CPI Usefulness and Uselessness

Mark Thornton of the Mises Institute wrote an article on the many failures of the CPI.  His article is worth a read, but I am going to add a few things that were not directly mentioned.

First off, I will often do a short commentary on the latest CPI numbers for my readers.  I fully acknowledge that the CPI statistics are government-issued numbers and are far from reliable in actually telling us the true inflation picture.

I use the CPI though for a couple of reasons.  First, the Fed and financial analysts look at this data, so it is important just from that standpoint.  For example, if the CPI comes in low, then the Fed is more likely to pursue a looser monetary policy.

A second reason I use the CPI is for trends.  It doesn’t give us a good picture of asset bubbles, such as in stocks or bonds, but it can help us with trends for daily consumer goods.  While the CPI has its many flaws, it can still give us a decent picture of what prices look like.  I can also look at my grocery bill, but it is too small of a sample with too many variables.

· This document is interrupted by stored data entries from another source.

Section transport.
Context {R : realType} {m : nat} {c : 'I_m -> R} {t0 : R} {v v1 : R -> 'I_m -> cplx R}.
Hypothesis c_neq0 : forall j, c j != 0.
Hypothesis t0_ge0 : 0 <= t0.
Hypothesis v_is_derive : forall j b (y : R),
  is_derive y 1 (fun r => reim b (vhat t0 v r j)) (reim b (vhat t0 v1 y j)).
Hypothesis v1_unif :
  forall j b, uniformly_continuous (fun r => reim b (vhat t0 v1 r j)).
Hypothesis v_nonpos : forall y, y <= 0 -> vhat t0 v y = 0.

Local Notation x := (xsol c t0 v).
Local Notation dx := (xsol_ds c t0 v1).

Let normr_sg_c j : `|Num.sg (c j)| = 1.
Proof. by rewrite normr_sg c_neq0. Qed.

Let divr_norm_c j : c j / `|c j| = Num.sg (c j).
Proof. by rewrite -{1}(mulr_sg_norm (c j)) mulfK // normr_eq0. Qed.

Lemma reim_xsol t s j b :
  reim b (x t s j) = Num.sg (c j) * reim b (vhat t0 v (t - delay (c j) s) j).
Proof.
rewrite /xsol /delay; have := c_neq0 j; case: ltgtP => // cj _.
  by rewrite reimB reim0 subr0 gtr0_sg // mul1r.
by rewrite reimB reim0 sub0r ltr0_sg // mulN1r.
Qed.

Lemma continuous_vhat_delay (u : R -> 'I_m -> cplx R) (a : R) t j b :
  continuous (fun r => reim b (vhat t0 u r j)) ->
  continuous (fun s => a * reim b (vhat t0 u (t - delay (c j) s) j)).
Proof.
move=> cu; under eq_fun do rewrite sub_delay //.
apply: (continuous_affine_comp (fun r => a * reim b (vhat t0 u r j))) => r.
by apply: cvgM; [exact: cvg_cst | exact: cu].
Qed.

Lemma memLp_vhat_delay p (u : R -> 'I_m -> cplx R) (a : 'I_m -> R) t
    (f : R -> 'I_m -> cplx R) : 0 <= p ->
  (forall j b, continuous (fun r => reim b (vhat t0 u r j))) ->
  (forall s j b, reim b (f s j) = a j * reim b (vhat t0 u (t - delay (c j) s) j)) ->
  memLp p (Icc 0 1) f.
Proof.
move=> p0 cu fE.
have [|M hM] := bounded_fin_family
    (fun (jb : 'I_m * bool) r => a jb.1 * reim jb.2 (vhat t0 u r jb.1)).
  move=> [j b] /=; have := cu j b; rewrite reim_vhat => cjb.
  have [M hM] := patch_Icc_bounded t0_ge0 cjb.
  by exists (`|a j| * M) => r; rewrite normrM reim_vhatE ler_wpM2l.
apply: (memLp_bounded p M) => // [| s _ j b]; last by rewrite fE; exact: (hM (j, b)).
apply: cm_measurable_continuous => j b; under eq_fun do rewrite fE.
exact: continuous_vhat_delay.
Qed.

Lemma memLp_xsol p t : 0 <= p -> memLp p (Icc 0 1) (x t).
Proof.
move=> p0; apply: memLp_vhat_delay p0 _ (reim_xsol t) => j b.
exact: is_derive1_continuous (v_is_derive j b).
Qed.

Lemma memLp_xsol_ds p t : 0 <= p -> memLp p (Icc 0 1) (dx t).
Proof.
move=> p0; apply: memLp_vhat_delay p0 _ (fun s j b => reimZ _ _ _) => j b.
exact: uniformly_continuous_continuous (v1_unif j b).
Qed.

Lemma xsol_primitive t : primitive_on 0 1 (x t) (dx t).
Proof.
move=> s /andP[s_ge0 _]; apply/funext => j; apply: reim_inj => b.
pose V r := Num.sg (c j) * reim b (vhat t0 v r j).
pose w r := Num.sg (c j) * reim b (vhat t0 v1 r j).
pose tau := t - delay (c j) 0; pose k := Num.sg (c j) / `|c j|.
have xE u : reim b (x t u j) = V (tau + k * u) by rewrite reim_xsol sub_delay.
have dxE u : reim b (dx t u j) = k * w (tau + k * u).
  by rewrite reimZ sub_delay // /k /w mulrACA -expr2 sqr_sg c_neq0 mul1r.
have dV (y : R) : is_derive y 1 V (w y).
  by have dy := v_is_derive j b y; apply: is_deriveZ.
have cw : continuous (fun u => k * w (tau + k * u)).
  under eq_fun do rewrite -dxE reimZ.
  exact/continuous_vhat_delay/uniformly_continuous_continuous.
rewrite reimD reim_cintegral !xE.
rewrite (Rintegral_Icc_derive (fun u => is_derive_affine_comp tau k u dV) cw s_ge0).
by rewrite mulr0 addr0; congr (_ + _); apply: eq_Rintegral => u _; rewrite dxE.
Qed.

Lemma cm_measurable_xsol t : cm_measurable (Icc 0 1) (x t).
Proof.
apply: cm_measurable_continuous => j b; under eq_fun do rewrite reim_xsol.
exact/continuous_vhat_delay/is_derive1_continuous.
Qed.

Lemma cm_measurable_xsol_ds t : cm_measurable (Icc 0 1) (dx t).
Proof.
apply: cm_measurable_continuous => j b; under eq_fun do rewrite reimZ.
exact/continuous_vhat_delay/uniformly_continuous_continuous.
Qed.

Lemma xsol_difference_quotient p (D : set R) t : 1 <= p ->
  Lp_pow p (Icc 0 1) (fun s j =>
      rC (t' - t)^-1 * (x t' s j - x t s j) - rC (c j) * dx t s j)
    @[t' --> within D t^'] --> 0%E.
Proof.
move=> p1; apply: Lp_pow_cvg0 p1 _ _.
  apply: nearW => t'; apply: cm_measurableB.
    by apply/cm_measurableZ/cm_measurableB; exact: cm_measurable_xsol.
  exact/cm_measurableZ/cm_measurable_xsol_ds.
move=> e e0 j b.
have [d d0 hd] := difference_quotient_uniform (v_is_derive j b) (v1_unif j b) e e0.
refine (near_within_dnbhs d0 _) => t' t't tt' s _.
rewrite reimB !reimZ reimB !reim_xsol mulrA divr_norm_c.
set tau := t - delay (c j) s.
have -> : t' - delay (c j) s = tau + (t' - t) by rewrite /tau; ring.
rewrite -mulrBr mulrCA -mulrBr normrM normr_sg_c mul1r.
by apply: hd; rewrite ?subr_eq0 // distrC.
Qed.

Near the end of his piece, Thornton quotes someone writing about what prices would look like today if the money supply had not changed since 1959.  For example, a hamburger would only cost 12 cents today.  But this short excerpt is open to criticism because he does not address the fact that nominal wages are also far higher today.

The bigger point that needs to be made is that central bank monetary inflation distorts markets and misallocates resources.  This will tend to cause bubbles.  It will also cause certain prices to rise before others, and wages typically lag behind.  It also harms savings and production.

I think many libertarians and Austrian School economists make a mistake sometimes in obsessing over price inflation.  I hear many say that price inflation is severely understated right now.  That may or may not be the case, but that is not the main point.

Rising price inflation is not the only bad consequence of the Fed’s monetary inflation.  It is not even the biggest consequence in most cases.

As stated above, the Fed’s monetary policy misallocates resources.  This is the main problem.  It doesn’t matter if the CPI is at 1% or 10%. If the Fed is creating money out of thin air, then it is misallocating resources and distorting savings.  It redistributes wealth and it makes our overall standard of living lower than it otherwise would have been.

When the Fed started increasing the money supply like crazy in the fall of 2008, many libertarians were predicting runaway price inflation.  Some were even saying we would get hyperinflation.  Some are still saying that.

But Austrian economics isn’t supposed to predict that for us.  What Austrian economics does is tell us this monetary inflation is bad for the economy.  It tells us that resources are not being put to their proper uses and we are poorer for it.  A rising CPI is just one possible consequence of an increasing money supply.

Price inflation has stayed relatively low because most of the new money created by the Fed went into bank reserves.  We have not seen the fractional reserve lending process multiply the money.  In addition, money demand has stayed high because some fear remains from the last major recession.

We may still see high price inflation in the future.  That is what I am betting on.  But it doesn’t make Austrian school economics wrong if we don’t get high price inflation, regardless of how you measure it.  Austrian economics tells us that we would be better off if the Fed doesn’t engage in massive monetary inflation.  It can’t predict the future though, and it can’t give us the exact consequences of such a policy.

In conclusion, the CPI is useful in giving us trends.  It is also useful in helping us guess Fed policy going forward.  The CPI is useless – at least these days – in telling us the damage that the Fed has done.  The next major recession will give us a better indication of just how much damage the Fed has done.